Gather events open doors at ICA
The Institute of Contemporary Art’s simple but powerful slogan “Free. For All.” stands for more than just a lack of an admission fee. It reflects an access-oriented philosophy about what a contemporary art experience should be. ICA takes risks. It is a prescient incubator for emerging artists, and it turns up the volume of underrepresented voices. By presenting work that challenges viewers, ICA invites them to reconsider previously held opinions and promotes greater understanding of an unfamiliar perspective. The commitment to provoking deeper thought is central to ICA’s mission, and plans call for extending outreach throughout Penn’s campus and beyond. “Art should be public, inclusive and open to all,” says Maori Holmes, ICA’s first Director of Public Engagement.
Opening its doors more widely, especially to those for whom exposure to contemporary art is new, is one of ICA’s top Campaign priorities. By reaching a wide range of audiences and offering opportunities for shared experiences that build community, ICA emphasizes Penn’s relevance in an increasingly stratified world.
Begun in 2016, ICA’s popular Gather events increase public awareness and provide opportunities to connect with people from the surrounding neighborhood and with members of partner cultural organizations, who often co-sponsor programs. “I Wonder What Else Could Be Different Around Here: A Poetic Intersection with Music and Art,” was a partnership with PHILALALIA and artist Marissa Johnson-Valenzuela. Working with the Leeway Foundation and Girls Rock Philly led to “revolutionary noise: music as struggle and healing,” while another Gather collaboration with the BlackStar Film Festival celebrated author Shantrelle P. Lewis’ new book, “Dandy Lion: The Black Dandy and Street Style.”

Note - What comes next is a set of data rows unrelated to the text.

(* Let $T=\operatorname{Th}(\mathbb{Z};+,<,0)$ (Presburger arithmetic), $\mathcal{U}$ a monster model of $T$ containing $\mathbb{Z}$ as an elementary submodel, and $\mu\in\mathfrak{M}_x(\mathcal{U})$, $\nu\in\mathfrak{M}_y(\mathcal{U})$ (one variable each). (1) If $\mu(x>b)=\nu(y>b)=1$ for every $b\in\mathcal{U}$, then $\mu\geq_{\mathbb{E},\mathbb{Z}}\nu$. (2) If $\mu(x<b)=\nu(y<b)=1$ for every $b\in\mathcal{U}$, then $\mu\geq_{\mathbb{E},\mathbb{Z}}\nu$.
   Context: For $C\subseteq\mathcal{U}$, $\mathcal{L}_x(C)$ is the Boolean algebra of formulas in $x$ with parameters from $C$ modulo $T$, embedded in $\mathcal{L}_{xy}(C)$ via $\varphi(x)\mapsto\varphi(x)\wedge y=y$; $\mathfrak{M}_x(C)$ is the set of finitely additive probability measures (Keisler measures) on $\mathcal{L}_x(C)$. For $\omega\in\mathfrak{M}_{xy}(C)$, $\pi_x(\omega)(\varphi(x))=\omega(\varphi(x)\wedge y=y)$ (similarly $\pi_y$); $\omega|_D$ is restriction. $\mu\geq_{\mathbb{E},\mathbb{Z}}\nu$ means there is $\lambda\in\mathfrak{M}_{xy}(\mathbb{Z})$ with $\pi_x(\lambda)=\mu|_{\mathbb{Z}}$ such that every $\omega\in\mathfrak{M}_{xy}(\mathcal{U})$ with $\omega|_{\mathbb{Z}}=\lambda$ and $\pi_x(\omega)=\mu$ satisfies $\pi_y(\omega)=\nu$. *)

From Stdlib Require Import Reals ZArith List.
Set Implicit Arguments.

Record structure := Struct {
  car :> Type;
  s0 : car;
  sadd : car -> car -> car;
  slt : car -> car -> Prop }.

Inductive term (P : Type) : Type :=
| tvar (n : nat) | tpar (p : P) | tzero | tadd (t1 t2 : term P).
(* Let $(X,\le)$ be a poset and $E$ an equivalence relation on $X$ with ${\le}\subseteq E$. If $\alpha:X\to X$ is an order automorphism of $(X,\le)$ with $\alpha\subseteq E$, then $\alpha\circ({\le}^c)^\smile=({\le}^c)^\smile\circ\alpha$, and this relation belongs to $\mathsf{Up}(\mathbf E)$.
   Context: For binary relations: converse $R^\smile=\{(x,y)\mid(y,x)\in R\}$; composition $R\circ S=\{(x,y)\mid\exists z\,((x,z)\in R,(z,y)\in S)\}$. A function $\alpha$ is identified with its graph $\{(x,\alpha(x))\}$. For a poset $(X,\le)$ and an equivalence relation $E\supseteq{\le}$ on $X$, $E$ is partially ordered by $(u,v)\preceq(x,y)$ iff $x\le u$ and $v\le y$; $\mathbf E=(E,\preceq)$ and $\mathsf{Up}(\mathbf E)$ is its set of up-sets. For $R\subseteq E$, $R^c=E\setminus R$. An order automorphism is a bijection $\alpha$ with $x\le y\iff\alpha(x)\le\alpha(y)$. *)

Set Implicit Arguments.

Definition relation (X : Type) := X -> X -> Prop.

Definition conv {X : Type} (R : relation X) : relation X := fun x y => R y x.

Definition comp {X : Type} (R S : relation X) : relation X :=
  fun x y => exists z, R x z /\ S z y.

Definition graph {X : Type} (f : X -> X) : relation X := fun x y => y = f x.

Definition subrel {X : Type} (R S : relation X) : Prop := forall x y, R x y -> S x y.

Definition releq {X : Type} (R S : relation X) : Prop := forall x y, R x y <-> S x y.

Definition is_poset {X : Type} (le : relation X) : Prop :=
  (forall x, le x x) /\
  (forall x y, le x y -> le y x -> x = y) /\
  (forall x y z, le x y -> le y z -> le x z).

Definition is_equivalence {X : Type} (E : relation X) : Prop :=
  (forall x, E x x) /\
  (forall x y, E x y -> E y x) /\
  (forall x y z, E x y -> E y z -> E x z).

(* R^c = E \ R *)
Definition relcompl {X : Type} (E R : relation X) : relation X :=
  fun x y => E x y /\ ~ R x y.

Definition Epreceq {X : Type} (le : relation X) (u v x y : X) : Prop :=
  le x u /\ le v y.

Definition in_Up {X : Type} (le E : relation X) (R : relation X) : Prop :=
  subrel R E /\
  (forall u v x y, R u v -> E x y -> Epreceq le u v x y -> R x y).

Definition bijective {X : Type} (f : X -> X) : Prop :=
  (forall x y, f x = f y -> x = y) /\ (forall y, exists x, f x = y).

Definition order_automorphism {X : Type} (le : relation X) (f : X -> X) : Prop :=
  bijective f /\ (forall x y, le x y <-> le (f x) (f y)).

(* An order automorphism alpha contained in E preserves and reflects both <= and E (since
   alpha x E x), hence also the converse complement N := (<=^c)^~; conjugating N by the
   bijection alpha is then exactly the commutation alpha o N = N o alpha.  The relation
   alpha o N relates x to y iff N (alpha x) y, and N is an up-set of E by transitivity of
   <=; a monotone alpha inside E keeps that property. *)
From Stdlib Require Import RelationClasses Setoid.

Definition rel_invariant {X : Type} (f : X -> X) (R : relation X) : Prop :=
  forall x y, R (f x) (f y) <-> R x y.

Lemma comp_graph_l {X : Type} (f : X -> X) (R : relation X) (x y : X) :
  comp (graph f) R x y <-> R (f x) y.
Proof.
  split.
  - intros [z [-> Hz]]; exact Hz.
  - intros H; exists (f x); split; [reflexivity | exact H].
Qed.

Lemma graph_subrel_invariant {X : Type} (E : relation X) (f : X -> X) :
  Symmetric E -> Transitive E -> subrel (graph f) E -> rel_invariant f E.
Proof.
  intros HEs HEt HfE.
  assert (Hf : forall x, E x (f x)) by (intro x; apply HfE; reflexivity).
  intros x y; split; intros H.
  - transitivity (f x); [apply Hf |].
    transitivity (f y); [exact H | symmetry; apply Hf].
  - transitivity x; [symmetry; apply Hf |].
    transitivity y; [exact H | apply Hf].
Qed.

Lemma relcompl_invariant {X : Type} (E R : relation X) (f : X -> X) :
  rel_invariant f E -> rel_invariant f R -> rel_invariant f (relcompl E R).
Proof.
  intros HE HR x y; unfold relcompl; rewrite (HE x y), (HR x y); reflexivity.
Qed.

Lemma conv_invariant {X : Type} (R : relation X) (f : X -> X) :
  rel_invariant f R -> rel_invariant f (conv R).
Proof. intros HR x y; apply HR. Qed.

Lemma comp_graph_commute {X : Type} (S : relation X) (f : X -> X) :
  (forall y, exists x, f x = y) -> rel_invariant f S ->
  releq (comp (graph f) S) (comp S (graph f)).
Proof.
  intros Hsur HS x y; rewrite comp_graph_l; split.
  - intros H; destruct (Hsur y) as [w <-].
    exists w; split; [apply HS, H | reflexivity].
  - intros [z [Hz ->]]; apply HS, Hz.
Qed.

Lemma conv_relcompl_in_Up {X : Type} (le E : relation X) :
  Transitive le -> Symmetric E -> in_Up le E (conv (relcompl E le)).
Proof.
  intros Hlet HEs; split.
  - intros u v [Hvu _]; symmetry; exact Hvu.
  - intros u v x y [_ Hvu] Hxy [Hxu Hvy]; split.
    + symmetry; exact Hxy.
    + intros Hyx; apply Hvu.
      transitivity y; [exact Hvy |]; transitivity x; assumption.
Qed.

Lemma comp_graph_in_Up {X : Type} (le E R : relation X) (f : X -> X) :
  Symmetric E -> Transitive E -> subrel (graph f) E ->
  (forall x y, le x y -> le (f x) (f y)) ->
  in_Up le E R -> in_Up le E (comp (graph f) R).
Proof.
  intros HEs HEt HfE Hmono [HRE HRup].
  assert (Hf : forall x, E x (f x)) by (intro x; apply HfE; reflexivity).
  split.
  - intros u v Huv; apply comp_graph_l in Huv.
    transitivity (f u); [apply Hf | apply HRE, Huv].
  - intros u v x y Huv Hxy [Hxu Hvy]; apply comp_graph_l in Huv; apply comp_graph_l.
    apply HRup with (f u) v; [exact Huv | | split; [apply Hmono, Hxu | exact Hvy]].
    transitivity x; [symmetry; apply Hf | exact Hxy].
Qed.

Theorem lemma3p9 (X : Type) (le E : relation X) (alpha : X -> X) :
  is_poset le ->
  is_equivalence E ->
  subrel le E ->
  order_automorphism le alpha ->
  subrel (graph alpha) E ->
  releq (comp (graph alpha) (conv (relcompl E le)))
        (comp (conv (relcompl E le)) (graph alpha)) /\
  in_Up le E (comp (graph alpha) (conv (relcompl E le))).
Proof.
  intros [_ [_ Hlet]] [_ [HEs HEt]] _ [[_ Hsur] Hmono] HalphaE.
  assert (Hle : rel_invariant alpha le) by (intros x y; symmetry; apply Hmono).
  assert (HE : rel_invariant alpha E)
    by (apply graph_subrel_invariant; [exact HEs | exact HEt | exact HalphaE]).
  split.
  - apply comp_graph_commute; [exact Hsur |].
    apply conv_invariant, relcompl_invariant; assumption.
  - apply comp_graph_in_Up; [exact HEs | exact HEt | exact HalphaE | apply Hmono |].
    apply conv_relcompl_in_Up; [exact Hlet | exact HEs].
Qed.
(* There exists a setting (with pairwise distinct budgets) in which no envy-free assignment is realizable under the budget-oblivious second-price auction (BOSP).
   Context: Setting: there are $k\ge 1$ slots with public click-through rates $\theta_1>\theta_2>\dots>\theta_k>0$, and $n\ge k$ players. Player $i$ has a private value per click $v_i\ge 0$ and a budget $B_i>0$; the budgets $B_1,\dots,B_n$ are pairwise distinct. A setting consists of $k,n,(\theta_j),(v_i),(B_i)$ together with a fixed strict priority order on the players used to break all ties. Each player $i$ submits a value-bid $b_i\ge 0$ and a budget-bid $g_i\ge 0$; a mechanism outputs an injective partial slot assignment (assigned player $i$ gets slot $s(i)\in\{1,\dots,k\}$) and a price per click $p(i)\ge0$ for each assigned player; unassigned players pay nothing. The utility of player $i$ is $u_i=0$ if $i$ is unassigned, $u_i=\theta_{s(i)}(v_i-p(i))$ if $i$ is assigned and $\theta_{s(i)}p(i)\le B_i$, and $u_i=-\infty$ if $i$ is assigned and $\theta_{s(i)}p(i)>B_i$. BOSP: order the players by decreasing value-bid (ties broken by the priority order); for $j\le k$ the $j$-th player in this order gets slot $j$ and pays per click the value-bid of the $(j+1)$-th player in the order (0 if there is none); the remaining players are unassigned. Budget-bids are ignored. Envy-free assignment: an assignment of each of the $k$ slots to a distinct player, with a price per click $p(i)\ge 0$ for each assigned player $i$, such that for every player $i$ (assigned or not) and every assigned player $i'$ (including $i'=i$): $u_i\ge \max\{\theta_{s(i')}(v_i-p(i')),0\}$ if $\theta_{s(i')}p(i')\le B_i$, and $u_i\ge 0$ otherwise, where $u_i$ is player $i$'s utility in the assignment (computed with the true $v_i,B_i$). It is realizable under a mechanism if some bid profile $(b_i,g_i)_i$ makes the mechanism output exactly this slot assignment and these prices. *)

From Stdlib Require Import Reals Lra Arith List.
Import ListNotations.
Open Scope R_scope.

(* Players are 0..n-1, slots are 1..k.  An outcome is a partial slot
   assignment [s : nat -> option nat] and per-click prices [p : nat -> R]
   (only meaningful for assigned players).  The tie-breaking priority order
   is given by an injective rank function [prio] on the players: a smaller
   rank means higher priority. *)

Definition valid_setting (k n : nat) (theta v B : nat -> R) (prio : nat -> nat) : Prop :=
  (1 <= k)%nat /\ (k <= n)%nat /\
  (forall j, (1 <= j)%nat -> (j < k)%nat -> theta (S j) < theta j) /\
  0 < theta k /\
  (forall i, (i < n)%nat -> 0 <= v i) /\
  (forall i, (i < n)%nat -> 0 < B i) /\
  (forall i i', (i < n)%nat -> (i' < n)%nat -> B i = B i' -> i = i') /\
  (forall i i', (i < n)%nat -> (i' < n)%nat -> prio i = prio i' -> i = i').

(* Extended-real utility: [None] stands for -infinity. *)
Definition utility (theta v B : nat -> R) (s : nat -> option nat) (p : nat -> R)
  (i : nat) : option R :=
  match s i with
  | None => Some 0
  | Some j => if Rle_dec (theta j * p i) (B i)
              then Some (theta j * (v i - p i)) else None
  end.

Definition ext_ge (u : option R) (x : R) : Prop :=
  match u with Some r => x <= r | None => False end.

Definition full_assignment (k n : nat) (s : nat -> option nat) (p : nat -> R) : Prop :=
  (forall i j, s i = Some j -> (i < n)%nat /\ (1 <= j)%nat /\ (j <= k)%nat /\ 0 <= p i) /\
  (forall i i' j, s i = Some j -> s i' = Some j -> i = i') /\
  (forall j, (1 <= j)%nat -> (j <= k)%nat -> exists i, s i = Some j).

Definition envy_free (k n : nat) (theta v B : nat -> R)
  (s : nat -> option nat) (p : nat -> R) : Prop :=
  full_assignment k n s p /\
  forall i i' j, (i < n)%nat -> s i' = Some j ->
    (theta j * p i' <= B i ->
       ext_ge (utility theta v B s p i) (Rmax (theta j * (v i - p i')) 0)) /\
    (~ theta j * p i' <= B i -> ext_ge (utility theta v B s p i) 0).

Definition precedes (prio : nat -> nat) (b : nat -> R) (i' i : nat) : bool :=
  if Rlt_dec (b i) (b i') then true
  else if Req_EM_T (b i') (b i) then Nat.ltb (prio i') (prio i) else false.

(* 0-based position of player i in the order. *)
Definition position (n : nat) (prio : nat -> nat) (b : nat -> R) (i : nat) : nat :=
  length (filter (fun i' => precedes prio b i' i) (seq 0 n)).

(* The outcome (s, p) is the output of BOSP on value-bids b (budget-bids are
   ignored): the player at 0-based position q < k gets slot q+1 and pays the
   value-bid of the player at position q+1 (0 if there is none); others are
   unassigned. *)
Definition bosp_outputs (k n : nat) (prio : nat -> nat) (b : nat -> R)
  (s : nat -> option nat) (p : nat -> R) : Prop :=
  (forall i, (n <= i)%nat -> s i = None) /\
  forall i, (i < n)%nat ->
    let q := position n prio b i in
    if Nat.ltb q k then
      s i = Some (S q) /\
      ((exists i', (i' < n)%nat /\ position n prio b i' = S q /\ p i = b i') \/
       ((forall i', (i' < n)%nat -> position n prio b i' <> S q) /\ p i = 0))
    else s i = None.

(* Realizable under BOSP: some bid profile (value-bids b, budget-bids g)
   makes BOSP output exactly this slot assignment and these prices. *)
Definition realizable_BOSP (k n : nat) (prio : nat -> nat)
  (s : nat -> option nat) (p : nat -> R) : Prop :=
  exists b g : nat -> R,
    (forall i, (i < n)%nat -> 0 <= b i /\ 0 <= g i) /\
    bosp_outputs k n prio b s p.

From Stdlib Require Import Reals.
From Stdlib Require Import Lra Lia List.
Open Scope R_scope.

(* Under BOSP with nonnegative value-bids, the price per click
   never increases down the slots: the winner of slot j pays the bid of the
   winner y of slot j+1, while y pays the bid of the player right after it in
   the order (or 0), which cannot exceed y's own bid.  On the other hand, in an envy-free
   assignment every assigned player is within budget, and an unassigned player
   who can afford a slot does not want it.
   In the setting with two slots (theta = 2, 1) and three players with values
   (2, 3, 3) and budgets (4, 2, 3), the slot-1 winner x pays at most B_x / 2,
   and B_x / 2 is both affordable for, and strictly below the value of, the
   unassigned player u.  Hence if the slot-2 price did not exceed the slot-1
   price, u would envy slot 2.  So envy-freeness forces p(slot 2) > p(slot 1),
   which BOSP can never output. *)

Lemma precedes_higher_bid (prio : nat -> nat) (b : nat -> R) (i' i : nat) :
  b i < b i' -> precedes prio b i' i = true.
Proof. intros H. unfold precedes. destruct (Rlt_dec (b i) (b i')); [reflexivity | lra]. Qed.

Lemma precedes_bid_ge (prio : nat -> nat) (b : nat -> R) (i' i : nat) :
  precedes prio b i' i = true -> b i <= b i'.
Proof.
  unfold precedes. destruct (Rlt_dec (b i) (b i')); [lra|].
  destruct (Req_EM_T (b i') (b i)); [lra | discriminate].
Qed.

Lemma precedes_irrefl (prio : nat -> nat) (b : nat -> R) (i : nat) :
  precedes prio b i i = false.
Proof.
  unfold precedes. destruct (Rlt_dec (b i) (b i)); [lra|].
  destruct (Req_EM_T (b i) (b i)); [apply Nat.ltb_irrefl | reflexivity].
Qed.

Lemma filter_length_le {A : Type} (f g : A -> bool) (l : list A) :
  (forall a, In a l -> f a = true -> g a = true) ->
  (length (filter f l) <= length (filter g l))%nat.
Proof.
  induction l as [|a l IH]; intros Hfg; simpl; [lia|].
  specialize (IH (fun a' h => Hfg a' (or_intror h))).
  destruct (f a) eqn:Fa; [rewrite (Hfg a (or_introl eq_refl) Fa); simpl; lia|].
  destruct (g a); simpl; lia.
Qed.

Lemma filter_length_lt {A : Type} (f g : A -> bool) (z : A) (l : list A) :
  (forall a, In a l -> f a = true -> g a = true) ->
  In z l -> f z = false -> g z = true ->
  (length (filter f l) < length (filter g l))%nat.
Proof.
  intros Hfg Hz Hfz Hgz.
  induction l as [|a l IH]; [destruct Hz|]; simpl.
  destruct Hz as [<- | Hz].
  - rewrite Hfz, Hgz. simpl.
    pose proof (filter_length_le f g l (fun a' h => Hfg a' (or_intror h))). lia.
  - specialize (IH (fun a' h => Hfg a' (or_intror h)) Hz).
    destruct (f a) eqn:Fa; [rewrite (Hfg a (or_introl eq_refl) Fa); simpl; lia|].
    destruct (g a); simpl; lia.
Qed.

(* A player with a strictly higher value-bid has a strictly smaller position:
   everyone preceding z also precedes y, and z itself precedes y. *)
Lemma position_lt_of_bid_lt (n : nat) (prio : nat -> nat) (b : nat -> R) (z y : nat) :
  (z < n)%nat -> b y < b z -> (position n prio b z < position n prio b y)%nat.
Proof.
  intros Hz Hzy. unfold position.
  apply filter_length_lt with (z := z).
  - intros i _ Hiz. apply precedes_higher_bid.
    apply precedes_bid_ge in Hiz. lra.
  - apply in_seq. lia.
  - apply precedes_irrefl.
  - apply precedes_higher_bid. exact Hzy.
Qed.

Lemma bosp_assigned_position (k n : nat) (prio : nat -> nat) (b : nat -> R)
  (s : nat -> option nat) (p : nat -> R) (i q : nat) :
  bosp_outputs k n prio b s p -> s i = Some (S q) ->
  (i < n)%nat /\ position n prio b i = q /\ (q < k)%nat.
Proof.
  intros [Hnone Hout] Hi.
  assert (Hin : (i < n)%nat).
  { destruct (Nat.lt_ge_cases i n) as [h|h]; [exact h|].
    rewrite (Hnone i h) in Hi. discriminate. }
  specialize (Hout i Hin). cbv zeta in Hout.
  destruct (Nat.ltb (position n prio b i) k) eqn:Hk; [|congruence].
  destruct Hout as [Hs _]. rewrite Hi in Hs. injection Hs as Hs.
  apply Nat.ltb_lt in Hk. split; [exact Hin | split; lia].
Qed.

Lemma bosp_price_nonincreasing (k n : nat) (prio : nat -> nat) (b : nat -> R)
  (s : nat -> option nat) (p : nat -> R) (x y q : nat) :
  (forall i, (i < n)%nat -> 0 <= b i) ->
  bosp_outputs k n prio b s p ->
  (forall i i' j, s i = Some j -> s i' = Some j -> i = i') ->
  s x = Some (S q) -> s y = Some (S (S q)) -> p y <= p x.
Proof.
  intros Hbnn Hbosp Hinj Hx Hy.
  destruct (bosp_assigned_position _ _ _ _ _ _ _ _ Hbosp Hx) as [Hxn [Posx _]].
  destruct (bosp_assigned_position _ _ _ _ _ _ _ _ Hbosp Hy) as [Hyn [Posy Hqk]].
  assert (Outx := proj2 Hbosp x Hxn). assert (Outy := proj2 Hbosp y Hyn).
  cbv zeta in Outx, Outy. rewrite Posx in Outx. rewrite Posy in Outy.
  replace (Nat.ltb q k) with true in Outx by (symmetry; apply Nat.ltb_lt; lia).
  replace (Nat.ltb (S q) k) with true in Outy by (symmetry; apply Nat.ltb_lt; lia).
  assert (Hpx : p x = b y).
  { destruct Outx as [_ [[i' [Hi'n [Posi' ->]]] | [Hnobody _]]].
    - assert (Outi' := proj2 Hbosp i' Hi'n). cbv zeta in Outi'.
      rewrite Posi' in Outi'.
      replace (Nat.ltb (S q) k) with true in Outi' by (symmetry; apply Nat.ltb_lt; lia).
      rewrite (Hinj i' y _ (proj1 Outi') Hy). reflexivity.
    - exfalso. exact (Hnobody y Hyn Posy). }
  rewrite Hpx.
  destruct Outy as [_ [[z [Hzn [Posz ->]]] | [_ ->]]].
  - destruct (Rle_lt_dec (b z) (b y)) as [Hle | Hlt]; [exact Hle|].
    pose proof (position_lt_of_bid_lt n prio b z y Hzn Hlt). lia.
  - apply Hbnn, Hyn.
Qed.

(* Every assigned player stays within budget (its utility is finite). *)
Lemma envy_free_within_budget (k n : nat) (theta v B : nat -> R)
  (s : nat -> option nat) (p : nat -> R) (i j : nat) :
  envy_free k n theta v B s p -> s i = Some j -> theta j * p i <= B i.
Proof.
  intros [[Hwf _] Hef] Hi.
  destruct (Hwf i j Hi) as [Hin _].
  destruct (Hef i i j Hin Hi) as [Haff Hunaff].
  assert (Hfin : exists r, ext_ge (utility theta v B s p i) r).
  { destruct (Rle_dec (theta j * p i) (B i)) as [h|h]; eexists; [exact (Haff h) | exact (Hunaff h)]. }
  destruct Hfin as [r Hr]. unfold utility in Hr. rewrite Hi in Hr.
  destruct (Rle_dec (theta j * p i) (B i)) as [h|h]; [exact h | destruct Hr].
Qed.

Lemma envy_free_unassigned_no_gain (k n : nat) (theta v B : nat -> R)
  (s : nat -> option nat) (p : nat -> R) (u i j : nat) :
  envy_free k n theta v B s p -> (u < n)%nat -> s u = None -> s i = Some j ->
  theta j * p i <= B u -> theta j * (v u - p i) <= 0.
Proof.
  intros [_ Hef] Hun Hu Hi Haff.
  pose proof (proj1 (Hef u i j Hun Hi) Haff) as Hge.
  unfold utility in Hge. rewrite Hu in Hge. simpl in Hge.
  pose proof (Rmax_l (theta j * (v u - p i)) 0). lra.
Qed.

Lemma two_slots_others_unassigned (n : nat) (s : nat -> option nat) (p : nat -> R)
  (x y u : nat) :
  full_assignment 2 n s p -> s x = Some 1%nat -> s y = Some 2%nat ->
  u <> x -> u <> y -> s u = None.
Proof.
  intros [Hwf [Hinj _]] Hx Hy Hux Huy.
  destruct (s u) as [j|] eqn:Hu; [|reflexivity].
  destruct (Hwf u j Hu) as [_ [Hj1 [Hj2 _]]].
  exfalso. assert (j = 1%nat \/ j = 2%nat) as [-> | ->] by lia.
  - exact (Hux (Hinj u x _ Hu Hx)).
  - exact (Huy (Hinj u y _ Hu Hy)).
Qed.

Definition ex_theta (j : nat) : R := match j with 1%nat => 2 | _ => 1 end.
Definition ex_value (i : nat) : R := match i with 0%nat => 2 | _ => 3 end.
Definition ex_budget (i : nat) : R :=
  match i with 0%nat => 4 | 1%nat => 2 | _ => 3 end.
Definition ex_prio (i : nat) : nat := i.

Lemma ex_setting_valid : valid_setting 2 3 ex_theta ex_value ex_budget ex_prio.
Proof.
  unfold valid_setting, ex_prio. repeat split; try lia.
  - intros j Hj1 Hj2. replace j with 1%nat by lia. simpl. lra.
  - simpl. lra.
  - intros i Hi. destruct i as [|[|[|]]]; simpl; lra.
  - intros i Hi. destruct i as [|[|[|]]]; simpl; lra.
  - intros i i' Hi Hi' E.
    destruct i as [|[|[|]]], i' as [|[|[|]]]; simpl in E; try lia; lra.
Qed.

Lemma ex_half_budget_bounds (x u : nat) :
  (x < 3)%nat -> (u < 3)%nat -> x <> u ->
  ex_budget x / 2 <= ex_budget u /\ ex_budget x / 2 < ex_value u.
Proof.
  intros Hx Hu Hxu.
  destruct x as [|[|[|]]], u as [|[|[|]]]; try lia; simpl; lra.
Qed.

Lemma ex_envy_free_prices_increase (s : nat -> option nat) (p : nat -> R) (x y : nat) :
  envy_free 2 3 ex_theta ex_value ex_budget s p ->
  s x = Some 1%nat -> s y = Some 2%nat -> p x < p y.
Proof.
  intros Hef Hx Hy.
  destruct (Rlt_or_le (p x) (p y)) as [Hlt | Hyx]; [exact Hlt | exfalso].
  pose proof (proj1 (proj1 Hef) x 1%nat Hx) as [Hx3 _].
  pose proof (proj1 (proj1 Hef) y 2%nat Hy) as [Hy3 _].
  assert (Hxy : x <> y) by congruence.
  assert (exists u, (u < 3)%nat /\ u <> x /\ u <> y) as [u [Hu3 [Hux Huy]]].
  { destruct x as [|[|[|]]], y as [|[|[|]]]; try lia;
      first [exists 0%nat; lia | exists 1%nat; lia | exists 2%nat; lia]. }
  pose proof (two_slots_others_unassigned 3 s p x y u (proj1 Hef) Hx Hy Hux Huy) as Hu.
  pose proof (envy_free_within_budget _ _ _ _ _ _ _ x 1%nat Hef Hx) as Hbx.
  simpl in Hbx.
  destruct (ex_half_budget_bounds x u Hx3 Hu3 (not_eq_sym Hux)) as [Haff Hval].
  pose proof (envy_free_unassigned_no_gain _ _ _ _ _ _ _ u y 2%nat Hef Hu3 Hu Hy)
    as Hnoenvy.
  simpl in Hnoenvy. lra.
Qed.

Theorem corollary1 :
  exists (k n : nat) (theta v B : nat -> R) (prio : nat -> nat),
    valid_setting k n theta v B prio /\
    ~ (exists (s : nat -> option nat) (p : nat -> R),
         envy_free k n theta v B s p /\ realizable_BOSP k n prio s p).
Proof.
  exists 2%nat, 3%nat, ex_theta, ex_value, ex_budget, ex_prio.
  split; [exact ex_setting_valid|].
  intros [s [p [Hef [b [g [Hbids Hbosp]]]]]].
  pose proof (proj1 Hef) as [_ [Hinj Hcover]].
  destruct (Hcover 1%nat) as [x Hx]; try lia.
  destruct (Hcover 2%nat) as [y Hy]; try lia.
  assert (Hbosp_order : p y <= p x).
  { apply (bosp_price_nonincreasing 2 3 ex_prio b s p x y 0); auto.
    intros i Hi. exact (proj1 (Hbids i Hi)). }
  pose proof (ex_envy_free_prices_increase s p x y Hef Hx Hy). lra.
Qed.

Over half of all Gather attendees have been first-time visitors, with a large turnout from the surrounding neighborhood. “We’ve seen a 34 percent increase in traffic since we began the Gather program,” says Holmes. “Attendees come up to us and tell us how much they enjoy and appreciate the program.” To date, ICA has held nearly a dozen of these events and plans to increase their number and frequency in the coming year. “Gather is our opportunity to be a good neighbor—to West Philadelphia first, then to all of the city,” says Holmes.